(* Let $\lambda\in\mathbf{k}$, let $V$ be a $\mathbf{k}$-module and $d_0:V\to V$ a linear map. Then $(T^+(V),\prec_V,\succ_V,d_V)$, together with the natural embedding $j_V:V=V^{\otimes1}\hookrightarrow T^+(V)$, is the free commutative differential dendriform algebra of weight $\lambda$ on $(V,d_0)$: it is a commutative differential dendriform algebra of weight $\lambda$, and for every commutative differential dendriform algebra $(D,\prec_D,\succ_D,d_D)$ of weight $\lambda$ and every linear map $\psi:V\to D$ with $d_D\psi=\psi d_0$, there is a unique linear map $\bar\psi:T^+(V)\to D$ preserving $\prec$ and $\succ$, satisfying $d_D\bar\psi=\bar\psi d_V$ and $\bar\psi j_V=\psi$.
   Context: $\mathbf{k}$ is a commutative unital ring. $T(V)=\bigoplus_{k\ge0}V^{\otimes k}$ (with $V^{\otimes0}=\mathbf{k}$, unit $\mathbf 1$ the empty tensor), $T^+(V)=\bigoplus_{k\ge1}V^{\otimes k}$. The shuffle product $\ast_0$ on $T(V)$ is defined recursively by $\mathbf 1\ast_0\mathfrak a=\mathfrak a\ast_0\mathbf 1=\mathfrak a$ and, for pure tensors $\mathfrak a=a_1\otimes\mathfrak a'$, $\mathfrak b=b_1\otimes\mathfrak b'$ ($a_1,b_1\in V$), $\mathfrak a\ast_0\mathfrak b=a_1\otimes(\mathfrak a'\ast_0\mathfrak b)+b_1\otimes(\mathfrak a\ast_0\mathfrak b')$. On $T^+(V)$: $\mathfrak a\prec_V\mathfrak b:=a_1\otimes(\mathfrak a'\ast_0\mathfrak b)$, $\mathfrak a\succ_V\mathfrak b:=b_1\otimes(\mathfrak a\ast_0\mathfrak b')$. The linear map $d_V:T^+(V)\to T^+(V)$ is $d_V(a_1\otimes\cdots\otimes a_m)=\sum_{\emptyset\ne S\subseteq\{1,\dots,m\}}\lambda^{|S|-1}c^S_1\otimes\cdots\otimes c^S_m$ with $c^S_i=d_0(a_i)$ for $i\in S$ and $c^S_i=a_i$ otherwise. A dendriform algebra is a $\mathbf{k}$-module $D$ with bilinear operations $\prec,\succ$ such that for all $a,b,c\in D$: $(a\prec b)\prec c=a\prec(b\prec c+b\succ c)$, $(a\succ b)\prec c=a\succ(b\prec c)$, $(a\prec b+a\succ b)\succ c=a\succ(b\succ c)$. It is commutative if $a\succ b=b\prec a$ for all $a,b$. A derivation of weight $\lambda$ on it is a linear map $d$ with $d(a\prec b)=d(a)\prec b+a\prec d(b)+\lambda d(a)\prec d(b)$ and $d(a\succ b)=d(a)\succ b+a\succ d(b)+\lambda d(a)\succ d(b)$ for all $a,b$; then $(D,\prec,\succ,d)$ is a differential dendriform algebra of weight $\lambda$, called commutative if $(D,\prec,\succ)$ is commutative. *)

From HB Require Import structures.
From mathcomp Require Import all_boot all_algebra.
From Stdlib Require Import ClassicalEpsilon.
Lemma RInt_periodic_translate F b : (forall x, continuous F x) ->
  (forall t, F (t + 2 * PI) = F t) ->
  RInt (fun t => F (t + b)) 0 (2 * PI) = RInt F 0 (2 * PI).
Proof.
  intros HF Hp. rewrite RInt_translate by auto. replace (0 + b) with b by ring.
  rewrite <- (RInt_Chasles F b 0 (2 * PI + b)) by (apply ex_RInt_continuous_R; auto).
  rewrite <- (RInt_Chasles F 0 (2 * PI) (2 * PI + b)) by (apply ex_RInt_continuous_R; auto).
  assert (Hwrap : RInt F (2 * PI) (2 * PI + b) = RInt F 0 b).
  { replace (2 * PI) with (0 + 2 * PI) at 1 by ring.
    replace (2 * PI + b) with (b + 2 * PI) by ring.
    rewrite <- RInt_translate by auto. apply RInt_ext; intros; apply Hp. }
  rewrite Hwrap, <- (opp_RInt_swap F 0 b) by (apply ex_RInt_continuous_R; auto).
  change plus with Rplus. change opp with Ropp. simpl. ring.
Qed.

Lemma RInt_periodic_centered F x : (forall x, continuous F x) ->
  (forall t, F (t + 2 * PI) = F t) ->
  RInt (fun u => F (x + u)) (- PI) PI = RInt F 0 (2 * PI).
Proof.
  intros HF Hp. rewrite <- (RInt_periodic_translate F (x - PI)), !RInt_translate by auto.
  rewrite (RInt_ext (fun u => F (x + u)) (fun u => F (u + x))) by (intros; f_equal; ring).
  rewrite RInt_translate by auto. f_equal; ring.
Qed.

Lemma RInt_derive_periodic F f : (forall t, is_derive F t (f t)) ->
  (forall t, continuous f t) -> F (2 * PI) = F 0 -> RInt f 0 (2 * PI) = 0.
Proof.
  intros HF Hf Hper.
  rewrite (is_RInt_unique f 0 (2 * PI) (F (2 * PI) - F 0)).
  - rewrite Hper. R_eq. ring.
  - apply (is_RInt_derive (V := R_CompleteNormedModule)); auto.
Qed.

End RealIntegrals.

Lemma cos_mult_2PI m : cos (INR m * (2 * PI)) = 1.
Proof. replace (INR m * (2 * PI)) with (0 + 2 * INR m * PI) by ring. rewrite cos_period. apply cos_0. Qed.

Lemma sin_mult_2PI m : sin (INR m * (2 * PI)) = 0.
Proof. replace (INR m * (2 * PI)) with (0 + 2 * INR m * PI) by ring. rewrite sin_period. apply sin_0. Qed.

Lemma RInt_cos_mult m : (1 <= m)%nat -> RInt (fun t => cos (INR m * t)) 0 (2 * PI) = 0.
Proof.
  intros Hm. assert (INR m <> 0) by (apply not_0_INR; lia).
  apply (RInt_derive_periodic (fun t => sin (INR m * t) / INR m)).
  - intros t. auto_derive; auto. field; auto.
  - intros t. continuous_by_derive.
  - rewrite sin_mult_2PI, Rmult_0_r, sin_0. reflexivity.
Qed.

(** * Fourier coefficients *)

Section FirstHarmonicOrthogonality.

Variables (n : nat) (a1 b1 : R).
Hypothesis Hn : (2 <= n)%nat.
(* Let $p:\tilde{Q}\to Q$ be a covering of finite quandles such that $\mathrm{Aut}(p)$ acts transitively on each fiber. If $y\in p^{-1}(x)$ for some $x\in Q$ and $\beta\in\mathrm{Inn}(\tilde{Q})$ satisfies $\beta(y)=y$, then $\beta$ acts as the identity on the fiber $p^{-1}(x)$. Hence if $y_0,y_1,y_2\in p^{-1}(x)$ and $(y_0,y_1)$ and $(y_0,y_2)$ lie in the same orbit of $\mathrm{Inn}(\tilde{Q})$ acting diagonally on pairs, then $y_1=y_2$.
   Context: A quandle is a set with operation $*$ satisfying $a*a=a$; unique right division; $(a*b)*c=(a*c)*(b*c)$. $R_a(y)=y*a$; $\mathrm{Inn}(\tilde Q)$ is the group generated by the $R_a$, $a\in\tilde Q$. A covering is a quandle epimorphism $p:\tilde Q\to Q$ with $p(y_1)=p(y_2)\Rightarrow R_{y_1}=R_{y_2}$; $\mathrm{Aut}(p)$ is the group of automorphisms $\lambda$ of $\tilde Q$ with $p\circ\lambda=p$. *)

From mathcomp Require Import all_boot all_fingroup.
Set Implicit Arguments. Unset Strict Implicit. Unset Printing Implicit Defensive.

Definition is_quandle (T : finType) (op : T -> T -> T) : Prop :=
  [/\ (forall a, op a a = a),
      (forall a, bijective (fun y => op y a)) &
      (forall a b c, op (op a b) c = op (op a c) (op b c))].

Definition Rtrans (T : finType) (op : T -> T -> T) (a : T) : T -> T :=
  fun y => op y a.

Definition Rperms (T : finType) (op : T -> T -> T) : {set {perm T}} :=
  [set s : {perm T} | [exists a : T, [forall y : T, s y == op y a]]].

Definition Inn (T : finType) (op : T -> T -> T) : {set {perm T}} :=
  <<Rperms op>>%g.

Definition quandle_hom (T T' : finType) (op : T -> T -> T) (op' : T' -> T' -> T')
  (f : T -> T') : Prop :=
  forall a b, f (op a b) = op' (f a) (f b).

Definition covering (Qt Q : finType) (opt : Qt -> Qt -> Qt) (opq : Q -> Q -> Q)
  (p : Qt -> Q) : Prop :=
  [/\ quandle_hom opt opq p,
      (forall x : Q, exists y : Qt, p y = x) &
      (forall y1 y2 : Qt, p y1 = p y2 -> Rtrans opt y1 = Rtrans opt y2)].

Definition in_Aut_p (Qt Q : finType) (opt : Qt -> Qt -> Qt) (p : Qt -> Q)
  (lam : {perm Qt}) : Prop :=
  quandle_hom opt opt lam /\ (forall y, p (lam y) = p y).

(* Deck transformations commute with every inner automorphism, so if beta fixes
   y and lam moves y to z within its fibre, then beta z = beta (lam y) =
   lam (beta y) = lam y = z.  Transitivity of Aut(p) on fibres reaches every z. *)

From mathcomp Require Import all_boot all_fingroup.

Set Implicit Arguments. Unset Strict Implicit. Unset Printing Implicit Defensive.

Section InnerAutomorphisms.

Variables (T : finType) (op : T -> T -> T).

Lemma Inn_sub_cent1 (lam : {perm T}) :
  quandle_hom op op lam -> (forall a, Rtrans op (lam a) = Rtrans op a) ->
  Inn op \subset 'C[lam]%g.
Proof.
move=> lam_hom R_lam; rewrite gen_subG; apply/subsetP => s.
rewrite inE => /existsP [a /forallP sE]; apply/cent1P/permP => y.
rewrite !permM (eqP (sE (lam y))) (eqP (sE y)) lam_hom.
by have /(congr1 (fun f => f (lam y))) := R_lam a.
Qed.

Lemma Inn_commute (lam beta : {perm T}) :
  quandle_hom op op lam -> (forall a, Rtrans op (lam a) = Rtrans op a) ->
  beta \in Inn op -> forall z, beta (lam z) = lam (beta z).
Proof.
move=> lam_hom R_lam /(subsetP (Inn_sub_cent1 lam_hom R_lam)) /cent1P comm z.
by rewrite -!permM comm.
Qed.

End InnerAutomorphisms.

Section Coverings.

Variables (Qt Q : finType) (opt : Qt -> Qt -> Qt) (opq : Q -> Q -> Q).
Variable p : Qt -> Q.
Hypothesis p_covering : covering opt opq p.

Lemma Aut_p_commute_Inn (lam beta : {perm Qt}) :
  in_Aut_p opt p lam -> beta \in Inn opt -> forall z, beta (lam z) = lam (beta z).
Proof.
case: p_covering => _ _ R_fibre [lam_hom p_lam].
by apply: Inn_commute => // a; apply: R_fibre.
Qed.

Hypothesis Aut_p_transitive : forall y1 y2 : Qt, p y1 = p y2 ->
  exists lam : {perm Qt}, in_Aut_p opt p lam /\ lam y1 = y2.

Lemma Inn_stabiliser_fixes_fibre (y z : Qt) (beta : {perm Qt}) :
  p y = p z -> beta \in Inn opt -> beta y = y -> beta z = z.
Proof.
move=> pyz beta_Inn beta_y.
have [lam [lam_Aut <-]] := Aut_p_transitive pyz.
by rewrite Aut_p_commute_Inn // beta_y.
Qed.

End Coverings.

Theorem mainTheorem12 (Qt Q : finType) (opt : Qt -> Qt -> Qt) (opq : Q -> Q -> Q)
  (p : Qt -> Q) :
  is_quandle opt -> is_quandle opq -> covering opt opq p ->
  (forall y1 y2 : Qt, p y1 = p y2 ->
     exists lam : {perm Qt}, in_Aut_p opt p lam /\ lam y1 = y2) ->
  (forall (x : Q) (y : Qt), p y = x ->
     forall beta : {perm Qt}, beta \in Inn opt -> beta y = y ->
     forall z : Qt, p z = x -> beta z = z)
  /\
  (forall (x : Q) (y0 y1 y2 : Qt), p y0 = x -> p y1 = x -> p y2 = x ->
     (exists2 beta : {perm Qt}, beta \in Inn opt & (beta y0, beta y1) = (y0, y2)) ->
     y1 = y2).
Proof.
move=> _ _ p_cov Aut_trans; split.
  move=> x y <- beta beta_Inn beta_y z /esym pyz.
  exact: (Inn_stabiliser_fixes_fibre p_cov Aut_trans pyz).
move=> x y0 y1 y2 <- /esym p01 _ [beta beta_Inn [beta_y0 <-]].
by rewrite (Inn_stabiliser_fixes_fibre p_cov Aut_trans p01).
Qed.
Variables (d T l0 k g0 : R) (rho : R -> R) (psi ut uy uyy : R -> R -> R).
Hypotheses (HT : 0 < T) (Hl0 : 0 < l0) (Hrho : admissible_rho T rho).
Hypothesis Hpsi : cont_on2 psi (fun t y => 0 <= t <= T /\ 0 <= y <= l0).
Hypothesis Hut : cont_on2 ut (fun t y => 0 < t < T /\ 0 <= y <= l0).
Hypothesis Huyy : cont_on2 uyy (fun t y => 0 < t < T /\ 0 <= y <= l0).
Hypothesis Hbc : forall t, 0 < t < T -> psi t 0 = 0 /\ psi t l0 = 0.
Hypothesis Hpde : forall t y, 0 < t < T -> 0 < y < l0 ->
  is_derive (fun s => psi s y) t (ut t y) /\
  is_derive (fun z => psi t z) y (uy t y) /\
  is_derive (fun z => uy t z) y (uyy t y) /\
  ut t y = d / (rho t ^ 2) * uyy t y + (k - Derive rho t / rho t) * psi t y.
Hypothesis Hjump : forall y, 0 < y < l0 -> psi 0 y = g0 * psi T y.
Hypothesis Hpos : forall y, 0 < y < l0 -> 0 < psi T y.

Let M := weight d l0 rho k.
Let S := eigen_sin l0.

Let Z (u v : R) : R :=
  M (clamp 0 T u) * psi (clamp 0 T u) (clamp 0 l0 v) * S (clamp 0 l0 v).

Let dZ (u v : R) : R :=
  (M u * weight_rate d l0 rho k u * psi u (clamp 0 l0 v) + M u * ut u (clamp 0 l0 v))
  * S (clamp 0 l0 v).

Lemma continuity_pt_psi_section t y : 0 <= t <= T ->
  continuity_pt (fun z => psi t (clamp 0 l0 z)) y.
Proof.
  intros Ht; pose proof (continuity_2d_pt_section _ t y
                           (cont_on2_clamp psi 0 T 0 l0 t y ltac:(lra) ltac:(lra) Hpsi)) as Hc.
  cbv beta in Hc; rewrite (clamp_id 0 T t Ht) in Hc; exact Hc.
Qed.

Lemma RInt_weighted_mode_derive_0 u : 0 < u < T -> RInt (dZ u) 0 l0 = 0.
Proof.
  intros Hu.
  assert (Hgreen : is_RInt (fun y => (uyy u y + lambda1 l0 * psi u y) * S y) 0 l0 0).
  { apply (RInt_green_eigen_sin l0 (psi u) (uy u));
      [exact Hl0 | | | | apply Hbc, Hu | apply Hbc, Hu].
    - intros y Hy; destruct (Hpde u y Hu Hy) as (_ & Hy1 & Hy2 & _); split; assumption.
    - intros y; apply continuity_pt_psi_section; lra.
    - intros y; exact (continuity_2d_pt_section (fun u' v => uyy u' (clamp 0 l0 v)) u y
                         (cont_on2_clamp_snd uyy _ 0 T 0 l0 u y ltac:(lra) Hu
                            (fun t z Ht Hz => conj Ht Hz) Huyy)). }
  apply (is_RInt_scal _ _ _ (M u * d / (rho u ^ 2))) in Hgreen.
  transitivity (scal (M u * d / (rho u ^ 2)) (0 : R));
    [apply is_RInt_unique | unfold scal; simpl; unfold mult; simpl; ring].
  refine (is_RInt_ext _ _ _ _ _ _ Hgreen); intros y Hy.
  rewrite Rmin_left, Rmax_right in Hy by lra.
  destruct (Hpde u y Hu Hy) as (_ & _ & _ & Hut_eq).
  unfold dZ, weight_rate; rewrite clamp_id, Hut_eq by lra.
  unfold scal; simpl; unfold mult; simpl.
  destruct Hrho as [Hrho_pos _]; pose proof (Hrho_pos u); field; lra.
Qed.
━━━━━━
| PROMPT |
Going through the entries above, count the lines that include "Rtrans" and state only the result.

| YOUR RESPONSE |
4